┌──

Lemma counts_all_items {s : seq int} : all is_item s -> counts s = (size s, 0, 0)%N.
Proof.
move=> /all_filterP items_s; rewrite /counts /items items_s /nneg /nsmall.
move: items_s => /all_filterP /allP items_s.
by rewrite !(eq_in_count (a2 := pred0)) ?count_pred0 // => x /items_s /andP[? ?]; apply/negbTE.
Qed.

Lemma counts_nseq_neg (n : nat) : counts (nseq n (- H)) = (0, n, 0)%N.
Proof.
rewrite /counts /items /nneg /nsmall filter_nseq !count_nseq /is_item eqxx /=.
by rewrite eqxx neg_neq_small mul1n mul0n.
Qed.

Lemma counts_nseq_small (n : nat) : counts (nseq n h) = (0, 0, n)%N.
Proof.
rewrite /counts /items /nneg /nsmall filter_nseq !count_nseq /is_item eqxx andbF /=.
by rewrite eqxx eq_sym neg_neq_small mul1n mul0n.
Qed.

Lemma counts_perm {s1 s2 : seq int} : perm_eq s1 s2 -> counts s1 = counts s2.
Proof.
by move=> perm12; rewrite /counts /items !size_filter /nneg /nsmall !(permP perm12).
Qed.

Lemma pot_perm {s1 s2 : seq int} : perm_eq s1 s2 -> pot s1 = pot s2.
Proof.
move=> perm12; have := counts_perm perm12; rewrite /pot /weight /offset /hpart /excess /counts.
by move=> [-> -> ->]; rewrite (perm_big _ (perm_filter _ perm12)).
Qed.

Lemma pot_leaf (z : int) : pot [:: z] = 0.
Proof.
rewrite /pot /weight /offset /hpart /excess /items /nneg /nsmall /is_item /=.
have [-> | zNneg] := eqVneq z (- H); last have [-> | zNsmall] := eqVneq z h;
  rewrite ?neg_neq_small /= ?big_nil ?big_seq1 /state_pot /fine_pot /wpot /hflag
    /ecoef /tcoef /=; case: ifP => /andP; lia.
Qed.

Lemma counts_leaf (z : int) :
  [\/ counts [:: z] = (1, 0, 0)%N, counts [:: z] = (0, 1, 0)%N | counts [:: z] = (0, 0, 1)%N].
Proof.
rewrite /counts /items /nneg /nsmall /is_item /=.
have [-> | zNneg] := eqVneq z (- H); last have [-> | zNsmall] := eqVneq z h.
- by rewrite neg_neq_small; constructor 2.
- by constructor 3.
by constructor 1.
Qed.

Definition block_ok (B : seq int) : bool :=
  (\sum_(x <- B) x == L) || (\sum_(x <- B) x == H).

(* Each block, together with one copy of -H and, when its sum is L, one copy
   of h, sums to zero. *)
Definition blocked (s : seq int) : Prop :=
  exists2 bl : seq (seq int), perm_eq (flatten bl) (items s) &
    [/\ size (items s) = (3 * size bl)%N, nneg s = size bl,
        nsmall s = count (fun B => \sum_(x <- B) x == L) bl & all block_ok bl].

Definition null_tight (s : seq int) : Prop :=
  [\/ counts s = (0, 0, 1)%N, counts s = (3, 1, 0)%N /\ \sum_(x <- s) x < 0 | blocked s].

(* The leaf multiset of every subtree of a tree T with 5 C(T) = pot (leaves T)
   is tight. *)
Definition tight (s : seq int) : Prop :=
  [\/ counts s = (1, 0, 0)%N, counts s = (2, 0, 0)%N, counts s = (2, 1, 0)%N
    | counts s = (0, 1, 0)%N] \/ null_tight s.

Lemma H_neq_L : (H == L) = false.
Proof. by apply/eqP; lia. Qed.

Lemma sum_blocks (bl : seq (seq int)) : all block_ok bl ->
  \sum_(B <- bl) \sum_(x <- B) x = (size bl)%:Z * (H)
    - (count (fun B => \sum_(x <- B) x == L) bl)%:Z * h.
Proof.
elim: bl => [|B bl IH]; first by rewrite big_nil /=; lia.
by rewrite big_cons /= => /andP[/orP[] /eqP-> /IH->]; rewrite ?eqxx ?H_neq_L /=; lia.
Qed.

Lemma blocked_sum (s : seq int) : blocked s -> \sum_(x <- s) x = 0.
Proof.
move=> [bl perm_bl [_ nneg_bl nsmall_bl ok_bl]].
rewrite sum_split -(perm_big _ perm_bl) big_flatten /= sum_blocks //.
by rewrite nneg_bl nsmall_bl; lia.
Qed.

Lemma blocked_cat (s1 s2 : seq int) : blocked s1 -> blocked s2 -> blocked (s1 ++ s2).
Proof.
move=> [bl1 perm1 [size1 nneg1 nsmall1 ok1]] [bl2 perm2 [size2 nneg2 nsmall2 ok2]].
exists (bl1 ++ bl2); first by rewrite flatten_cat items_cat perm_cat.
rewrite items_cat nneg_cat nsmall_cat !size_cat count_cat all_cat ok1 ok2.
by rewrite size1 size2 nneg1 nneg2 nsmall1 nsmall2 mulnDr.
Qed.

Lemma blocked_single {s : seq int} {q : nat} :
  counts s = (3, 1, q)%N -> (q <= 1)%N -> \sum_(x <- s) x = 0 -> blocked s.
Proof.
move=> [size_s nneg_s nsmall_s] q_le1; rewrite sum_split nneg_s nsmall_s => sum0.
exists [:: items s]; first by rewrite /= cats0.
rewrite /= /block_ok size_s nneg_s nsmall_s andbT addn0.
have [q0 | q1] : q = 0%N \/ q = 1%N by lia.
  have -> : \sum_(x <- items s) x = H by move: sum0; rewrite q0; lia.
  by rewrite q0 eqxx H_neq_L orbT.
have -> : \sum_(x <- items s) x = L by move: sum0; rewrite q1; lia.
by rewrite q1 eqxx.
Qed.

Lemma sum_counts_small (s : seq int) : counts s = (0, 0, 1)%N -> \sum_(x <- s) x = h.
Proof.
move=> [/size0nil items0 nneg0 nsmall1].
by rewrite sum_split items0 nneg0 nsmall1 big_nil; lia.
Qed.

Lemma null_tight_sum (s : seq int) : null_tight s ->
  [\/ counts s = (0, 0, 1)%N /\ \sum_(x <- s) x = h,
      counts s = (3, 1, 0)%N /\ \sum_(x <- s) x < 0
    | blocked s /\ \sum_(x <- s) x = 0].
Proof.
case=> [c | neg | b]; [constructor 1 | constructor 2 | constructor 3] => //.
  by split => //; apply: sum_counts_small.
by split => //; apply: blocked_sum.
Qed.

└──

*Aim of the exercise:*
Copy the listing word for word, leaving nothing out.

*Result for this task:*
Lemma counts_all_items {s : seq int} : all is_item s -> counts s = (size s, 0, 0)%N.
Proof.
move=> /all_filterP items_s; rewrite /counts /items items_s /nneg /nsmall.
move: items_s => /all_filterP /allP items_s.
by rewrite !(eq_in_count (a2 := pred0)) ?count_pred0 // => x /items_s /andP[? ?]; apply/negbTE.
Qed.

Lemma counts_nseq_neg (n : nat) : counts (nseq n (- H)) = (0, n, 0)%N.
Proof.
rewrite /counts /items /nneg /nsmall filter_nseq !count_nseq /is_item eqxx /=.
by rewrite eqxx neg_neq_small mul1n mul0n.
Qed.

Lemma counts_nseq_small (n : nat) : counts (nseq n h) = (0, 0, n)%N.
Proof.
rewrite /counts /items /nneg /nsmall filter_nseq !count_nseq /is_item eqxx andbF /=.
by rewrite eqxx eq_sym neg_neq_small mul1n mul0n.
Qed.

Lemma counts_perm {s1 s2 : seq int} : perm_eq s1 s2 -> counts s1 = counts s2.
Proof.
by move=> perm12; rewrite /counts /items !size_filter /nneg /nsmall !(permP perm12).
Qed.

Lemma pot_perm {s1 s2 : seq int} : perm_eq s1 s2 -> pot s1 = pot s2.
Proof.
move=> perm12; have := counts_perm perm12; rewrite /pot /weight /offset /hpart /excess /counts.
by move=> [-> -> ->]; rewrite (perm_big _ (perm_filter _ perm12)).
Qed.

Lemma pot_leaf (z : int) : pot [:: z] = 0.
Proof.
rewrite /pot /weight /offset /hpart /excess /items /nneg /nsmall /is_item /=.
have [-> | zNneg] := eqVneq z (- H); last have [-> | zNsmall] := eqVneq z h;
  rewrite ?neg_neq_small /= ?big_nil ?big_seq1 /state_pot /fine_pot /wpot /hflag
    /ecoef /tcoef /=; case: ifP => /andP; lia.
Qed.

Lemma counts_leaf (z : int) :
  [\/ counts [:: z] = (1, 0, 0)%N, counts [:: z] = (0, 1, 0)%N | counts [:: z] = (0, 0, 1)%N].
Proof.
rewrite /counts /items /nneg /nsmall /is_item /=.
have [-> | zNneg] := eqVneq z (- H); last have [-> | zNsmall] := eqVneq z h.
- by rewrite neg_neq_small; constructor 2.
- by constructor 3.
by constructor 1.
Qed.

Definition block_ok (B : seq int) : bool :=
  (\sum_(x <- B) x == L) || (\sum_(x <- B) x == H).

(* Each block, together with one copy of -H and, when its sum is L, one copy
   of h, sums to zero. *)
Definition blocked (s : seq int) : Prop :=
  exists2 bl : seq (seq int), perm_eq (flatten bl) (items s) &
    [/\ size (items s) = (3 * size bl)%N, nneg s = size bl,
        nsmall s = count (fun B => \sum_(x <- B) x == L) bl & all block_ok bl].

Definition null_tight (s : seq int) : Prop :=
  [\/ counts s = (0, 0, 1)%N, counts s = (3, 1, 0)%N /\ \sum_(x <- s) x < 0 | blocked s].

(* The leaf multiset of every subtree of a tree T with 5 C(T) = pot (leaves T)
   is tight. *)
Definition tight (s : seq int) : Prop :=
  [\/ counts s = (1, 0, 0)%N, counts s = (2, 0, 0)%N, counts s = (2, 1, 0)%N
    | counts s = (0, 1, 0)%N] \/ null_tight s.

Lemma H_neq_L : (H == L) = false.
Proof. by apply/eqP; lia. Qed.

Lemma sum_blocks (bl : seq (seq int)) : all block_ok bl ->
  \sum_(B <- bl) \sum_(x <- B) x = (size bl)%:Z * (H)
    - (count (fun B => \sum_(x <- B) x == L) bl)%:Z * h.
Proof.
elim: bl => [|B bl IH]; first by rewrite big_nil /=; lia.
by rewrite big_cons /= => /andP[/orP[] /eqP-> /IH->]; rewrite ?eqxx ?H_neq_L /=; lia.
Qed.

Lemma blocked_sum (s : seq int) : blocked s -> \sum_(x <- s) x = 0.
Proof.
move=> [bl perm_bl [_ nneg_bl nsmall_bl ok_bl]].
rewrite sum_split -(perm_big _ perm_bl) big_flatten /= sum_blocks //.
by rewrite nneg_bl nsmall_bl; lia.
Qed.

Lemma blocked_cat (s1 s2 : seq int) : blocked s1 -> blocked s2 -> blocked (s1 ++ s2).
Proof.
move=> [bl1 perm1 [size1 nneg1 nsmall1 ok1]] [bl2 perm2 [size2 nneg2 nsmall2 ok2]].
exists (bl1 ++ bl2); first by rewrite flatten_cat items_cat perm_cat.
rewrite items_cat nneg_cat nsmall_cat !size_cat count_cat all_cat ok1 ok2.
by rewrite size1 size2 nneg1 nneg2 nsmall1 nsmall2 mulnDr.
Qed.

Lemma blocked_single {s : seq int} {q : nat} :
  counts s = (3, 1, q)%N -> (q <= 1)%N -> \sum_(x <- s) x = 0 -> blocked s.
Proof.
move=> [size_s nneg_s nsmall_s] q_le1; rewrite sum_split nneg_s nsmall_s => sum0.
exists [:: items s]; first by rewrite /= cats0.
rewrite /= /block_ok size_s nneg_s nsmall_s andbT addn0.
have [q0 | q1] : q = 0%N \/ q = 1%N by lia.
  have -> : \sum_(x <- items s) x = H by move: sum0; rewrite q0; lia.
  by rewrite q0 eqxx H_neq_L orbT.
have -> : \sum_(x <- items s) x = L by move: sum0; rewrite q1; lia.
by rewrite q1 eqxx.
Qed.

Lemma sum_counts_small (s : seq int) : counts s = (0, 0, 1)%N -> \sum_(x <- s) x = h.
Proof.
move=> [/size0nil items0 nneg0 nsmall1].
by rewrite sum_split items0 nneg0 nsmall1 big_nil; lia.
Qed.

Lemma null_tight_sum (s : seq int) : null_tight s ->
  [\/ counts s = (0, 0, 1)%N /\ \sum_(x <- s) x = h,
      counts s = (3, 1, 0)%N /\ \sum_(x <- s) x < 0
    | blocked s /\ \sum_(x <- s) x = 0].
Proof.
case=> [c | neg | b]; [constructor 1 | constructor 2 | constructor 3] => //.
  by split => //; apply: sum_counts_small.
by split => //; apply: blocked_sum.
Qed.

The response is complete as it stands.